PROBLEM STATEMENT: The response should be the lines of the data, starting at the first and ending at the one that contains "Lemma netflow_sinks phi", copied without change.

··· THE RECORDS ···

(* An s-V flow vanishes off the edges of Z, so conservation makes it determined
   by its middle layer (f, v'); restricting that layer to v in U gives a feasible
   assignment with the same objective. Conversely, a feasible assignment masked
   to v in path f is the middle layer of an s-V flow whose net inflow at the
   sinks of U is R2. The two value sets therefore coincide, and R2 attains its
   maximum because the feasible assignments form a compact set (a closed subset
   of a product of segments) on which R2 is continuous. *)

Section LayeredGraph.
Variables (R : realType) (V Fl : finType).
Local Notation node := (node V Fl).
Local Notation src := (src V Fl).
Local Notation fnode := (@fnode V Fl).
Local Notation vpnode := (@vpnode V Fl).
Local Notation vnode := (@vnode V Fl).
Implicit Types (phi psi : node -> node -> R) (g : Fl -> V -> R).

Lemma sum_node (F : node -> R) : \sum_x F x =
  F src + \sum_f F (fnode f) + \sum_v F (vpnode v) + \sum_v F (vnode v).
Proof.
rewrite !big_sumType /= !addrA; congr (_ + _ + _ + _).
by rewrite (big_pred1 tt) // => -[].
Qed.

Lemma netflowE phi x : netflow phi x = \sum_y phi y x - \sum_y phi x y.
Proof.
rewrite /netflow /Phi big_set1; congr (_ - _).
  by apply: eq_big => [y|y _]; rewrite ?inE ?big_set1.
by apply: eq_bigl => y; rewrite inE.
Qed.

Lemma eq_netflow phi psi : phi =2 psi -> netflow phi =1 netflow psi.
Proof. by move=> eq_phi x; rewrite !netflowE; congr (_ - _); apply: eq_bigr. Qed.

Lemma netflow_sinks phi (U : {set V}) :
  Phi phi [set: node] (sinks Fl U) - Phi phi (sinks Fl U) [set: node] =
  \sum_(v in U) netflow phi (vnode v).
Proof.
have vnode_inj : {in U &, injective vnode} by move=> v w _ _ [].
rewrite /Phi exchange_big /= !big_imset //=.
under [RHS]eq_bigr do rewrite netflowE.
by rewrite sumrB; congr (_ - _); apply: eq_bigr => v _; apply: eq_bigl => y; rewrite inE.
Qed.
Ltac pos := repeat first
  [ apply factZ_pos | apply binomZ_pos | apply powZ_pos | apply selfpow_pos | apply Rpower_pos
  | apply exp_pos | apply phi_inv_pos | apply Rdiv_lt_0_compat
  | apply Rmult_lt_0_compat | apply pow_lt | lra ].

Ltac ln_split := repeat first [ rewrite ln_mult by pos | rewrite ln_div by pos ].

Ltac push_IZR := repeat first
  [ rewrite plus_IZR | rewrite minus_IZR | rewrite mult_IZR | rewrite opp_IZR ].

Lemma ln_le_inv a b : 0 < a -> 0 < b -> ln a <= ln b -> a <= b.
Proof. intros Ha Hb [H|H]; [left; apply ln_lt_inv | right; apply ln_inv]; auto. Qed.

Lemma ln_powZ b e : 0 < b -> (0 <= e)%Z -> ln (powZ b e) = IZR e * ln b.
Proof. intros. unfold powZ. rewrite ln_pow, INR_Z2Nat; auto. Qed.

Lemma ln_binomZ a b c : (0 <= b)%Z -> (0 <= c)%Z -> a = (b + c)%Z ->
  ln (binomZ a b) = ln (factZ a) - ln (factZ b) - ln (factZ c).
Proof.
  intros Hb Hc ->. unfold binomZ, C, factZ.
  replace (Z.to_nat (b + c) - Z.to_nat b)%nat with (Z.to_nat c) by lia.
  change (ln (factZ (b + c) / (factZ b * factZ c)) =
          ln (factZ (b + c)) - ln (factZ b) - ln (factZ c)).
  ln_split. ring.
Qed.

Lemma ln_selfpow_frac N m e : 0 < N -> 0 <= m -> e = m / N ->
  ln (selfpow e) = (xlnx m - m * ln N) / N.
Proof.
  intros HN Hm ->. unfold selfpow, xlnx.
  destruct (Rle_dec (m / N) 0) as [Hle|Hgt]; destruct (Rle_dec m 0) as [Hm0|Hm0].
  - replace m with 0 by lra. rewrite ln_1. field. lra.
  - exfalso. assert (0 < m / N) by (apply Rdiv_lt_0_compat; lra). lra.
  - exfalso. apply Hgt. replace m with 0 by lra. unfold Rdiv. lra.
  - rewrite ln_Rpower, ln_div by lra. field. lra.
Qed.

Lemma dfact_odd k : (dfact (2*k+1) * 2^(k+1) * fact (k+1) = fact (2*k+2))%nat.
Proof.
  induction k as [|k IH]; [reflexivity|].
  replace (2 * S k + 1)%nat with (S (S (2*k+1))) by lia.
  change (dfact (S (S (2*k+1)))) with (S (S (2*k+1)) * dfact (2*k+1))%nat.
  replace (S k + 1)%nat with (S (k+1)) by lia.
  replace (2 * S k + 2)%nat with (S (S (2*k+2))) by lia.
  rewrite Nat.pow_succ_r', !fact_simpl, <- IH. ring.
Qed.

Definition dfact_3n (hh : Z) : R := factZ (3 * (2 * hh)) / (powZ 2 (3 * hh) * factZ (3 * hh)).

Lemma dfact_3n_spec hh : (1 <= hh)%Z -> INR (dfact (3 * Z.to_nat (2 * hh) - 1)) = dfact_3n hh.
Proof.
  intros Hh. set (k := (Z.to_nat (3 * hh) - 1)%nat).
  pose proof (dfact_odd k) as E.
  unfold dfact_3n, factZ, powZ.
  replace (3 * Z.to_nat (2 * hh) - 1)%nat with (2 * k + 1)%nat by lia.
  replace (Z.to_nat (3 * (2 * hh))) with (2 * k + 2)%nat by lia.
  replace (Z.to_nat (3 * hh)) with (k + 1)%nat by lia.
  rewrite <- E, !mult_INR, pow_INR.
  replace (INR 2) with 2 by (simpl; lra).
  assert (0 < INR (fact (k + 1))) by apply lt_0_INR, lt_O_fact.
  assert (0 < 2 ^ (k + 1)) by (apply pow_lt; lra).
  field. lra.
Qed.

···

WRITTEN SOLUTION:
(* An s-V flow vanishes off the edges of Z, so conservation makes it determined
   by its middle layer (f, v'); restricting that layer to v in U gives a feasible
   assignment with the same objective. Conversely, a feasible assignment masked
   to v in path f is the middle layer of an s-V flow whose net inflow at the
   sinks of U is R2. The two value sets therefore coincide, and R2 attains its
   maximum because the feasible assignments form a compact set (a closed subset
   of a product of segments) on which R2 is continuous. *)

Section LayeredGraph.
Variables (R : realType) (V Fl : finType).
Local Notation node := (node V Fl).
Local Notation src := (src V Fl).
Local Notation fnode := (@fnode V Fl).
Local Notation vpnode := (@vpnode V Fl).
Local Notation vnode := (@vnode V Fl).
Implicit Types (phi psi : node -> node -> R) (g : Fl -> V -> R).

Lemma sum_node (F : node -> R) : \sum_x F x =
  F src + \sum_f F (fnode f) + \sum_v F (vpnode v) + \sum_v F (vnode v).
Proof.
rewrite !big_sumType /= !addrA; congr (_ + _ + _ + _).
by rewrite (big_pred1 tt) // => -[].
Qed.

Lemma netflowE phi x : netflow phi x = \sum_y phi y x - \sum_y phi x y.
Proof.
rewrite /netflow /Phi big_set1; congr (_ - _).
  by apply: eq_big => [y|y _]; rewrite ?inE ?big_set1.
by apply: eq_bigl => y; rewrite inE.
Qed.

Lemma eq_netflow phi psi : phi =2 psi -> netflow phi =1 netflow psi.
Proof. by move=> eq_phi x; rewrite !netflowE; congr (_ - _); apply: eq_bigr. Qed.

Lemma netflow_sinks phi (U : {set V}) :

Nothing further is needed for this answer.